* The problem
The records under this task must be duplicated exactly.

Collected data
(* Let $0<q<1$, $m\in\{0,1,2,\dots\}$ and $0<\lambda<q^m(1-q)^{-1}$. Let $X\sim\mathscr{P}(\lambda;q,m)$ (defined in the context) and consider the random variable $[X]_q=\frac{1-q^X}{1-q}$ (the $q$-deformed number operator $[N]_q$ measured in the generalized coherent state). Then \[ \langle [N]_q\rangle:=\sum_{j\ge0}[j]_q\,p_j(\lambda;q,m)=\lambda+[m]_q, \] \[ \langle([N]_q-\langle[N]_q\rangle)^2\rangle:=\sum_{j\ge0}\big([j]_q-\langle[N]_q\rangle\big)^2p_j(\lambda;q,m)=\lambda^2q^m(1+q-2q^{-m})+\lambda q^m\big(2[m]_q+q^m\big). \]
   Context: The $q$-number is $[a]_q=(1-q^a)/(1-q)$. For $a\in\mathbb{C}$: $(a;q)_0=1$, $(a;q)_n=\prod_{k=0}^{n-1}(1-aq^k)$, $(a;q)_\infty=\prod_{k\ge0}(1-aq^k)$. The Wall polynomial is $P_n(x;a|q)=\sum_{k=0}^n\frac{(q^{-n};q)_k}{(aq;q)_k}\frac{(qx)^k}{(q;q)_k}$. Write $m\wedge j=\min(m,j)$, $m\vee j=\max(m,j)$, $\binom{n}{2}=n(n-1)/2$. For $0<\lambda<q^m/(1-q)$ set $\mathcal{N}_{q,m}(\lambda)=\frac{(q^{1-m}(1-q)\lambda;q)_m}{q^m\,(q^{-m}(1-q)\lambda;q)_\infty}$ and \[ p_j(\lambda;q,m)=\frac{q^{2\binom{m\wedge j}{2}}(1-q)^{|m-j|}\lambda^{|m-j|}}{\mathcal{N}_{q,m}(\lambda)\,q^{mj}(q;q)_j(q;q)_m}\left(\frac{(q;q)_{m\vee j}}{(q;q)_{|m-j|}}P_{m\wedge j}\big((1-q)\lambda;q^{|m-j|}\,|\,q\big)\right)^2,\quad j=0,1,2,\dots, \] the probability mass function of the generalized Euler distribution $\mathscr{P}(\lambda;q,m)$ (with $\lambda=z\bar z$). *)

From Stdlib Require Import Reals Lra Lia.
From Coquelicot Require Import Coquelicot.
Open Scope R_scope.

Definition qnum (q : R) (a : nat) : R := (1 - q ^ a) / (1 - q).

Fixpoint qpoch (a q : R) (n : nat) : R :=
  match n with
  | O => 1
  | S n' => qpoch a q n' * (1 - a * q ^ n')
  end.

Definition qpoch_inf (a q : R) : R := real (Lim_seq (fun n => qpoch a q n)).

Definition binom2 (n : nat) : nat := Nat.div (n * (n - 1)) 2.

Definition absdiff (m j : nat) : nat := (Nat.max m j - Nat.min m j)%nat.

Definition wall (n : nat) (x a q : R) : R :=
  sum_f_R0 (fun k => qpoch (/ q ^ n) q k / qpoch (a * q) q k
                     * (q * x) ^ k / qpoch q q k) n.

Definition Nqm (q : R) (m : nat) (lam : R) : R :=
  qpoch (q / q ^ m * (1 - q) * lam) q m
  / (q ^ m * qpoch_inf (/ q ^ m * (1 - q) * lam) q).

* Task answer
(* Let $0<q<1$, $m\in\{0,1,2,\dots\}$ and $0<\lambda<q^m(1-q)^{-1}$. Let $X\sim\mathscr{P}(\lambda;q,m)$ (defined in the context) and consider the random variable $[X]_q=\frac{1-q^X}{1-q}$ (the $q$-deformed number operator $[N]_q$ measured in the generalized coherent state). Then \[ \langle [N]_q\rangle:=\sum_{j\ge0}[j]_q\,p_j(\lambda;q,m)=\lambda+[m]_q, \] \[ \langle([N]_q-\langle[N]_q\rangle)^2\rangle:=\sum_{j\ge0}\big([j]_q-\langle[N]_q\rangle\big)^2p_j(\lambda;q,m)=\lambda^2q^m(1+q-2q^{-m})+\lambda q^m\big(2[m]_q+q^m\big). \]
   Context: The $q$-number is $[a]_q=(1-q^a)/(1-q)$. For $a\in\mathbb{C}$: $(a;q)_0=1$, $(a;q)_n=\prod_{k=0}^{n-1}(1-aq^k)$, $(a;q)_\infty=\prod_{k\ge0}(1-aq^k)$. The Wall polynomial is $P_n(x;a|q)=\sum_{k=0}^n\frac{(q^{-n};q)_k}{(aq;q)_k}\frac{(qx)^k}{(q;q)_k}$. Write $m\wedge j=\min(m,j)$, $m\vee j=\max(m,j)$, $\binom{n}{2}=n(n-1)/2$. For $0<\lambda<q^m/(1-q)$ set $\mathcal{N}_{q,m}(\lambda)=\frac{(q^{1-m}(1-q)\lambda;q)_m}{q^m\,(q^{-m}(1-q)\lambda;q)_\infty}$ and \[ p_j(\lambda;q,m)=\frac{q^{2\binom{m\wedge j}{2}}(1-q)^{|m-j|}\lambda^{|m-j|}}{\mathcal{N}_{q,m}(\lambda)\,q^{mj}(q;q)_j(q;q)_m}\left(\frac{(q;q)_{m\vee j}}{(q;q)_{|m-j|}}P_{m\wedge j}\big((1-q)\lambda;q^{|m-j|}\,|\,q\big)\right)^2,\quad j=0,1,2,\dots, \] the probability mass function of the generalized Euler distribution $\mathscr{P}(\lambda;q,m)$ (with $\lambda=z\bar z$). *)

From Stdlib Require Import Reals Lra Lia.
From Coquelicot Require Import Coquelicot.
Open Scope R_scope.

Definition qnum (q : R) (a : nat) : R := (1 - q ^ a) / (1 - q).

Fixpoint qpoch (a q : R) (n : nat) : R :=
  match n with
  | O => 1
  | S n' => qpoch a q n' * (1 - a * q ^ n')
  end.

Definition qpoch_inf (a q : R) : R := real (Lim_seq (fun n => qpoch a q n)).

Definition binom2 (n : nat) : nat := Nat.div (n * (n - 1)) 2.

Definition absdiff (m j : nat) : nat := (Nat.max m j - Nat.min m j)%nat.

Definition wall (n : nat) (x a q : R) : R :=
  sum_f_R0 (fun k => qpoch (/ q ^ n) q k / qpoch (a * q) q k
                     * (q * x) ^ k / qpoch q q k) n.

Definition Nqm (q : R) (m : nat) (lam : R) : R :=
  qpoch (q / q ^ m * (1 - q) * lam) q m
  / (q ^ m * qpoch_inf (/ q ^ m * (1 - q) * lam) q).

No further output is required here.